Todos os homens do presidente

O grupo político nunca alimentou nenhuma veleidade republicana ou social. Chegou ao poder, sem voto, com o objetivo de se livrar das acusações e das punições, com a possibilidade de usar os cargos (e suas prerrogativas legais) para obstrução da Justiça, e para executar uma agenda antinacional, antipopular, de interesse do mercado e dos empresários brasileiros

Presidente Michel Temer 12/04/2017 REUTERS/Ueslei Marcelino
Presidente Michel Temer 12/04/2017 REUTERS/Ueslei Marcelino (Foto: Michel Zaidan)

Com a denúncia e prisão dos assessores, amigos e correligionários ligados a Michel Temer, o fim do governo golpista se aproxima a passos largos. Primeiro veio a denúncia dos donos JBS, com as gravações de áudio e vídeo das propinas pagas pelo grupo.
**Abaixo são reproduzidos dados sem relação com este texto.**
(* Let $m \ge n$, let $A$ be an $m \times n$ matrix with integer coefficients of full rank $n$, and let $b \in \mathbb{Z}^m$. Set $H = \max_{i,j}\left(|A_{ij}|, |b_i|\right)$. If $b$ is not orthogonal to the image of $A$, then \[ \kappa_{LS}(A,b) \le 3\, n^{\frac{n}{2}+1} m^{n+\frac{1}{2}} H^{2n+1}. \]
   Context: Norms are Euclidean $2$-norms. Let $x \in \mathbb{R}^n$ be the minimizer of $\|Ax-b\|^2$ (least squares solution), $r = Ax - b$ the residual, and $\theta \in [0,\pi/2]$ defined by $\sin\theta = \|r\|/\|b\|$. Let $\sigma_{\max}(A)$ and $\sigma_{\min}(A)$ be the largest and smallest singular values of $A$ and $\kappa(A) = \sigma_{\max}(A)/\sigma_{\min}(A)$. The condition number of the least squares problem is \[ \kappa_{LS}(A,b) = \frac{2\kappa(A)}{\cos\theta} + \tan\theta\,\kappa(A)^2 . \] *)

From mathcomp Require Import all_boot all_order all_algebra.
From mathcomp Require Import all_classical all_reals all_analysis.
Set Implicit Arguments. Unset Strict Implicit. Unset Printing Implicit Defensive.
Import Order.TTheory GRing.Theory Num.Theory.
Local Open Scope ring_scope.
Local Open Scope classical_set_scope.

Definition norm2 {R : realType} {m : nat} (v : 'cV[R]_m) : R :=
  Num.sqrt (\sum_(i < m) (v i 0) ^+ 2).

Definition is_LS_solution {R : realType} {m n : nat}
  (A : 'M[R]_(m, n)) (b : 'cV[R]_m) (x : 'cV[R]_n) : Prop :=
  forall y : 'cV[R]_n, norm2 (A *m x - b) ^+ 2 <= norm2 (A *m y - b) ^+ 2.

Definition singular_values {R : realType} {m n : nat} (A : 'M[R]_(m, n)) : set R :=
  [set Num.sqrt a | a in [set a : R | eigenvalue (A^T *m A) a]].

Definition sigma_max {R : realType} {m n : nat} (A : 'M[R]_(m, n)) : R :=
  sup (singular_values A).
Definition sigma_min {R : realType} {m n : nat} (A : 'M[R]_(m, n)) : R :=
  inf (singular_values A).
Definition kappa {R : realType} {m n : nat} (A : 'M[R]_(m, n)) : R :=
  sigma_max A / sigma_min A.

Definition LS_theta {R : realType} {m n : nat}
  (A : 'M[R]_(m, n)) (b : 'cV[R]_m) (x : 'cV[R]_n) : R :=
  asin (norm2 (A *m x - b) / norm2 b).

Definition kappa_LS {R : realType} {m n : nat}
  (A : 'M[R]_(m, n)) (b : 'cV[R]_m) (x : 'cV[R]_n) : R :=
  let th := LS_theta A b x in
  2 * kappa A / cos th + tan th * kappa A ^+ 2.

Definition height {m n : nat} (A : 'M[int]_(m, n)) (b : 'cV[int]_m) : int :=
  Num.max (\big[Num.max/0]_(i < m) \big[Num.max/0]_(j < n) `|A i j|)
          (\big[Num.max/0]_(i < m) `|b i 0|).

From mathcomp Require Import all_boot all_order all_algebra.
From mathcomp Require Import all_classical all_reals all_analysis.
From mathcomp Require Import complex spectral.
From mathcomp Require Import ring lra.
Import Order.TTheory GRing.Theory Num.Theory.
Local Open Scope ring_scope.
Set Implicit Arguments. Unset Strict Implicit. Unset Printing Implicit Defensive.

(* The normal equations A^T (A x - b) = 0 make A x and A x - b orthogonal, so
   cos theta = |A x| / |b| and tan theta = |A x - b| / |A x|; since kappa(A)^2 is
   at most K = lambda_max / lambda_min for the eigenvalues of the Gram matrix
   M = A^T A, this gives kappa_LS <= 3 K |b| / |A x|.  For integer data,
   det M * |A x|^2 = (A^T b)^T adj(M) (A^T b) is a positive integer, whence
   1 / |A x| <= sqrt (det M) <= det M.  Finally K * det M is the product of the
   eigenvalues with lambda_min replaced by lambda_max, which AM-GM bounds by
   (2 tr M / n)^n, and tr M <= n m H^2, |b| <= sqrt m H. *)

Section DotProduct.
Variable R : realFieldType.
Implicit Types (k : nat).

Definition dotv k (u v : 'cV[R]_k) : R := (u^T *m v) 0 0.
Definition sqnormv k (v : 'cV[R]_k) : R := dotv v v.

Lemma dotvE k (u v : 'cV[R]_k) : dotv u v = \sum_i u i 0 * v i 0.
Proof. by rewrite /dotv mxE; apply: eq_bigr => i _; rewrite mxE. Qed.

Lemma sqnormvE k (v : 'cV[R]_k) : sqnormv v = \sum_i v i 0 ^+ 2.
Proof. by rewrite /sqnormv dotvE; apply: eq_bigr => i _; rewrite expr2. Qed.

Lemma dotvC k (u v : 'cV[R]_k) : dotv u v = dotv v u.
Proof. by rewrite !dotvE; apply: eq_bigr => i _; rewrite mulrC. Qed.

Lemma dotvDr k (u v w : 'cV[R]_k) : dotv u (v + w) = dotv u v + dotv u w.
Proof. by rewrite /dotv mulmxDr mxE. Qed.

Lemma dotvZr k t (u v : 'cV[R]_k) : dotv u (t *: v) = t * dotv u v.
Proof. by rewrite /dotv -scalemxAr mxE. Qed.

Lemma dotvNr k (u v : 'cV[R]_k) : dotv u (- v) = - dotv u v.
Proof. by rewrite /dotv mulmxN mxE. Qed.

Lemma dotv_mulmx m n (A : 'M[R]_(m, n)) u v : dotv u (A *m v) = dotv (A^T *m u) v.
Proof. by rewrite /dotv trmx_mul trmxK mulmxA. Qed.

Lemma sqnormvD k (u v : 'cV[R]_k) :
  sqnormv (u + v) = sqnormv u + 2 * dotv u v + sqnormv v.
Proof. by rewrite /sqnormv !dotvDr ![dotv (u + v) _]dotvC !dotvDr (dotvC v u); ring. Qed.

Lemma sqnormvZ k t (v : 'cV[R]_k) : sqnormv (t *: v) = t ^+ 2 * sqnormv v.
Proof. by rewrite /sqnormv dotvZr dotvC dotvZr mulrA expr2. Qed.

Lemma sqnormv_ge0 k (v : 'cV[R]_k) : 0 <= sqnormv v.
Proof. by rewrite sqnormvE sumr_ge0 // => i _; rewrite sqr_ge0. Qed.

Lemma sqnormv_eq0 k (v : 'cV[R]_k) : (sqnormv v == 0) = (v == 0).
Proof.
apply/idP/eqP => [|->]; last by rewrite sqnormvE big1 // => i _; rewrite mxE expr0n.
rewrite sqnormvE psumr_eq0 => [/allP v0|i _]; last exact: sqr_ge0.
apply/matrixP => i j; rewrite ord1 mxE.
by apply/eqP; rewrite -sqrf_eq0; exact: (v0 i (mem_index_enum _)).
Qed.

Lemma sqnormv_gt0 k (v : 'cV[R]_k) : (0 < sqnormv v) = (v != 0).
Proof. by rewrite lt_def sqnormv_ge0 sqnormv_eq0 andbT. Qed.

Lemma sqnormvB_orth k (u v : 'cV[R]_k) :
  dotv u v = 0 -> sqnormv (u - v) = sqnormv u + sqnormv v.
Proof.
move=> uv; rewrite sqnormvD dotvNr uv oppr0 mulr0 addr0.
by rewrite /sqnormv dotvNr dotvC dotvNr opprK.
Qed.

Lemma mxtrace_gram m n (A : 'M[R]_(m, n)) :
  \tr (A^T *m A) = \sum_(j < n) \sum_(i < m) A i j ^+ 2.
Proof.
rewrite /mxtrace; apply: eq_bigr => j _; rewrite mxE.
by apply: eq_bigr => i _; rewrite mxE expr2.
Qed.

Lemma mxtrace_gram_ge0 m n (A : 'M[R]_(m, n)) : 0 <= \tr (A^T *m A).
Proof. by rewrite mxtrace_gram !sumr_ge0 // => j _; rewrite sumr_ge0 // => i _; rewrite sqr_ge0. Qed.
Depois, o pedido de prisão e o afastamento das funções parlamentares do senador Aécio Neves e seus parentes. Agora, a prisão do superassessor especial, Rocha Loures. Falta ainda o tal do coronel Lima, que parece ter pagado despesas pessoais de Temer e recebido propinas em seu nome. A esse grupo seleto de amigos e assessores, some-se o triunvirato: Romero Jucá (já denunciado), Alexandre Padilha (já denunciado) e o sogro do atual Presidente da Câmara, Rodrigo maia, o ex-deputado Wellington Moreira Franco (já denunciado). Este governo se sustenta num enorme "abraço de afogados", uns se apoiam nos outros e caíram juntos no poço da indecência e da imoralidade.

O grupo político nunca alimentou nenhuma veleidade republicana ou social. Chegou ao poder, sem voto, com o objetivo de se livrar das acusações e das punições, com a possibilidade de usar os cargos (e suas prerrogativas legais) para obstrução da Justiça, e para executar uma agenda antinacional, antipopular, de interesse do mercado e dos empresários brasileiros, cujo a principal motivação é não pagar impostos, enriquecer à custa dos bancos públicos, e explorar selvagemente a mão-de-obra dos brasileiros, sob a alegação do famigerado "custo Brasil".

Farão tudo para alongar a agonia desse governo imoral. Tentaram atrapalhar o julgamento do TSE, inclusive com a exclusão de provas obtidas em gravações e delações anteriores. Tentaram interpor recursos e mais recursos junto ao STF para procrastinar inquéritos, ouvidas e a pronúncia pelo Ministério Público Federal. Desde que a massa de manobra parlamentar aprove, a trancos e barrancos, as reformas encomendadas por banqueiros e industriais. E, depois de tudo, ainda vão aparecer os espertos para propor uma continuidade desse governo, através de eleições indiretas ou prorrogação de mandatos.

Não há o que se esperar mais (de ruim) dessa gente. É necessário e urgente transformar a indignação e a revolta cívica em movimento social, que repercuta, ressoe, impulsione um formidável "coro dos descontentes" que intimide moralmente e politicamente aqueles que, mesmo relutantemente, ainda apoiem essa nau que caminha celeremente para o naufrágio. Alguns ainda observam, se agarram como podem às vantagens e benesses que este governismo em crise pode oferecer. Mas a debandada já começou e é irremediável. O núcleo duro do poder está ficando nu e sozinho.